The problem for ‘believers’ is that short intervals give you unstable estimates which vary from year to year. That is the implication of Phil Jones answers to B and C. But that does not mean he or anyone else is stuck with no idea of what is happening. Just one method is to draw a straight line through the last 30 years data and look at its slope. The resulting trend line will be sloping upwards throughout the last 15 years. There are also a variety of smoothing methods for achieving roughly the same objective.
Your comment refers to “global warming in recent years”. There is more data on that from the troposphere and the heat energy in the upper layer of the ocean. See e.g.
http://www.skepticalscience.com/global-warming-stopped-in-1998.htm
(Apologies for plagiarism and lack of references but there would be so many now)
Journeyman says
My point is that the statistical significance applies to analyzing a noisy trend.

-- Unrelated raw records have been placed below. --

Lemma rep_in_basis_ur f : ursubmx (rep_in_basis f) = 0.
Proof.
have sU : (row_base U *m (rho f)^T <= row_base U)%MS.
  rewrite (eqmxMr _ (eq_row_base U)) (eq_row_base U); exact: U_invariant.
set Y := row_base U *m (rho f)^T *m pinvmx (row_base U).
have YU : Y *m row_base U = row_base U *m (rho f)^T by rewrite mulmxKpV.
have := rep_in_basisB f.
rewrite -{1}[rep_in_basis f]submxK /B mul_block_col mul_col_mx.
move=> /eq_col_mx [ul _].
have : row_mx (ulsubmx (rep_in_basis f) - Y) (ursubmx (rep_in_basis f)) *m B
       = 0 *m B.
  by rewrite mul0mx /B mul_row_col mulmxBl addrAC ul YU subrr.
by move/(row_free_inj B_free)/eqP; rewrite row_mx_eq0 => /andP [_ /eqP].
Qed.

Lemma rep_in_basis_linear : linear rep_in_basis.
Proof.
move=> a u v; rewrite /rep_in_basis linearP /= linearD /= linearZ /=.
by rewrite mulmxDr mulmxDl -scalemxAr -scalemxAl.
Qed.

Definition subrep_fun f := (ulsubmx (rep_in_basis f))^T.
Definition quorep_fun f := (drsubmx (rep_in_basis f))^T.

Lemma subrep_linear : linear subrep_fun.
Proof.
move=> a u v; rewrite /subrep_fun rep_in_basis_linear.
by apply/matrixP => i j; rewrite !mxE.
Qed.

Lemma quorep_linear : linear quorep_fun.
Proof.
move=> a u v; rewrite /quorep_fun rep_in_basis_linear.
by apply/matrixP => i j; rewrite !mxE.
Qed.

Definition subrep := linear_of subrep_linear.
Definition quorep := linear_of quorep_linear.

Lemma subrepM f g : subrep (mul f g) = subrep f *m subrep g.
Proof.
rewrite /= /linear_fun /subrep_fun rep_in_basisM.
by rewrite ulsubmx_mul ?rep_in_basis_ur // trmx_mul.
Qed.

Lemma quorepM f g : quorep (mul f g) = quorep f *m quorep g.
Proof.
rewrite /= /linear_fun /quorep_fun rep_in_basisM.
by rewrite drsubmx_mul ?rep_in_basis_ur // trmx_mul.
Qed.

Lemma mxtrace_subrep_quorep f : \tr (rho f) = \tr (subrep f) + \tr (quorep f).
Proof.
rewrite /= /linear_fun /subrep_fun /quorep_fun !mxtrace_tr.
rewrite -(mxtrace_block _ (ursubmx (rep_in_basis f)) (dlsubmx (rep_in_basis f))).
rewrite submxK /rep_in_basis.
by rewrite mxtrace_mulC mulmxA pinvB_B mul1mx mxtrace_tr.
Qed.

End InvariantSplit.

Section PreBialgebra.
Variables (K : fieldType) (d : nat) (A : prebialg K d).
Hypothesis HA : is_prebialg A.
Local Notation e := (pb_e K).
Implicit Types (f g x y : 'rV[K]_d).

Lemma pb_eE (i j : 'I_d) : e i 0 j = (i == j)%:R.
Proof. by rewrite /pb_e mxE eqxx eq_sym. Qed.

Lemma sum_mul_pb_e (F : 'I_d -> K) i : \sum_j F j * e i 0 j = F i.
Proof.
rewrite (bigD1 i) //= pb_eE eqxx mulr1 big1 ?addr0 // => j /negbTE ji.
by rewrite pb_eE eq_sym ji mulr0.
Qed.

Lemma pb_pair_er f i : pb_pair f (e i) = f 0 i.
Proof. exact: sum_mul_pb_e. Qed.

Lemma pb_pair_el x i : pb_pair (e i) x = x 0 i.
Proof.
by rewrite -(sum_mul_pb_e (fun j => x 0 j)); apply: eq_bigr => j _; rewrite mulrC.
Qed.

Lemma pb_pair_inj x y : (forall f, pb_pair f x = pb_pair f y) -> x = y.
Proof. by move=> xy; apply/rowP => i; rewrite -!pb_pair_el xy. Qed.

Lemma pb_pair_sumr (J : finType) (a : J -> K) (x : J -> 'rV[K]_d) f :
  pb_pair f (\sum_c a c *: x c) = \sum_c a c * pb_pair f (x c).
Proof.
rewrite /pb_pair; under eq_bigr => k _ do rewrite summxE big_distrr /=.
rewrite exchange_big; apply: eq_bigr => c _; rewrite big_distrr /=.
by apply: eq_bigr => k _; rewrite mxE mulrCA.
Qed.

Lemma pb_pairPl f g x a :
  pb_pair (a *: f + g) x = a * pb_pair f x + pb_pair g x.
Proof.
rewrite /pb_pair big_distrr -big_split /=; apply: eq_bigr => k _.
by rewrite !mxE mulrDl mulrA.
Qed.

Lemma pb_pair_mulA f x y : pb_pair f (pb_mulA A x y)
  = \sum_i \sum_j x 0 i * y 0 j * pb_pair f (pb_mul A i j).
Proof.
rewrite /pb_pair /pb_mulA.
under eq_bigr => k _ do rewrite !summxE big_distrr /=.
rewrite exchange_big; apply: eq_bigr => i _.
under eq_bigr => k _ do rewrite summxE big_distrr /=.
rewrite exchange_big; apply: eq_bigr => j _.
by rewrite big_distrr; apply: eq_bigr => k _ /=; rewrite mxE mulrCA.
Qed.

Lemma pb_pair_mulD f g x : pb_pair (pb_mulD A f g) x
  = \sum_i \sum_j pb_comulA A x i j * f 0 i * g 0 j.
Proof.
rewrite /pb_pair /pb_comulA.
under eq_bigr => k _ do rewrite mxE big_distrl /=.
rewrite exchange_big; apply: eq_bigr => i _.
under eq_bigr => k _ do rewrite big_distrl /=.
rewrite exchange_big; apply: eq_bigr => j _.
by rewrite !summxE !big_distrl; apply: eq_bigr => k _ /=; rewrite !mxE; ring.
Qed.

Lemma pb_mulA_suml (J : finType) (c : J -> K) (x : J -> 'rV[K]_d) y :
  pb_mulA A (\sum_a c a *: x a) y = \sum_a c a *: pb_mulA A (x a) y.
Proof.
rewrite /pb_mulA.
under eq_bigr => i _ do under eq_bigr => j _ do
  rewrite summxE big_distrl scaler_suml /=.
under eq_bigr => i _ do rewrite exchange_big /=.
rewrite exchange_big /=; apply: eq_bigr => a _.
rewrite scaler_sumr; apply: eq_bigr => i _; rewrite scaler_sumr.
by apply: eq_bigr => j _; rewrite mxE scalerA mulrA.
Qed.

Lemma pb_mulA_sumr (J : finType) (c : J -> K) x (y : J -> 'rV[K]_d) :
  pb_mulA A x (\sum_a c a *: y a) = \sum_a c a *: pb_mulA A x (y a).
Proof.
rewrite /pb_mulA.
under eq_bigr => i _ do under eq_bigr => j _ do
  rewrite summxE big_distrr scaler_suml /=.
under eq_bigr => i _ do rewrite exchange_big /=.
rewrite exchange_big /=; apply: eq_bigr => a _.
rewrite scaler_sumr; apply: eq_bigr => i _; rewrite scaler_sumr.
by apply: eq_bigr => j _; rewrite mxE scalerA mulrCA.
Qed.

Lemma pb_mulA_e i j : pb_mulA A (e i) (e j) = pb_mul A i j.
Proof.
rewrite /pb_mulA (bigD1 i) //= [X in _ + X]big1 ?addr0; last first.
  move=> k /negbTE ki; apply: big1 => l _.
  by rewrite pb_eE eq_sym ki mul0r scale0r.
rewrite (bigD1 j) //= [X in _ + X]big1 ?addr0; last first.
  by move=> l /negbTE lj; rewrite !pb_eE eq_sym lj mulr0 scale0r.
by rewrite !pb_eE !eqxx mulr1 scale1r.
Qed.

Lemma pb_comulA_e k : pb_comulA A (e k) = pb_comul A k.
Proof.
rewrite /pb_comulA (bigD1 k) //= big1 ?addr0; last first.
  by move=> i /negbTE ik; rewrite pb_eE eq_sym ik scale0r.
by rewrite pb_eE eqxx scale1r.
Qed.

It is definitely warmer now than 1995, assuming the thermometers have a low error range. Looking at annual CRU numbers, we see 1998 is the warmest to date. Sure the last decade was the warmest, but 2007 being warmer than 1997 doesn’t mean very much, when you are claiming no warming since 1998. If on the other hand you are claiming the previous global warming trend stopped in 1998, then that is a different matter, and the statistical significance is important. However, just a straight comparison of 1998 to now, or 1995 to now, you only have to klook at the thermometers for those time periods, and their error ranges.
Jacob Mack says
CFU: No spin here, I just do not like people (not the majority of scientists of course) who make catastrophic predictions. As solar power become cheaper and those high altitiude turbines become more efficient we will be able to supply more near zero energy, but for now all we can do is put a few more windmills up, do some carbon capture, plant more trees, sell more solar panels to the wealthy in Germany and New Jersey, and drive some hybrids/new generation electric cars. Of course hybrids or vehicles are not the main GHG emitters; it is those factories. With the long atmospheric life of CO2 we are not experience an enormous warming,and with past warming not so well understood there is reason for Jones’ admission of there not being a statistically significant warming period from 1995 to 2010. Again, however, with such a warm decade there is certainly cause for concern and further research, and you cannot spin that statement. I think or atleast I hope your heart is the right place, but perhaps you should spend mpre time with the science and the math. Global warming and climate systems are complex, and even with a 30 year or 50 year trend those are just a drop in the bucket for trends for thousands of years or a planetary scale climate system for millions of years. As always I applaud RC as an en excellent source of information, but none of the climatoligists here are making dooms day claims either.
Jacob Mack says
“near zero emission.”
jonesy says
To Completely Fed Up. Re #293. No thanks for the useless and wrong answers. I’ll wait for someone who knows what they are talking about to answer.
dhogaza says
KM:
No, the so-called believers do so because those reconstructions that *do* exist don’t support the hypothesis that there was a synchronous, global MWP. In Jones’ view, there is insufficient evidence to settle the question. But insufficient evidence doesn’t mean *no* evidence.
Those who hypothesize that there was a synchronous, global MWP ignore the fact that the available evidence pointing the other way.
You paint the situation as being ying and yang, of being symmetrical. It’s not. One view is consistent with the available evidence, the other flies in the face of it (screaming “science fraud! science fraud!” when the fact is pointed out to them).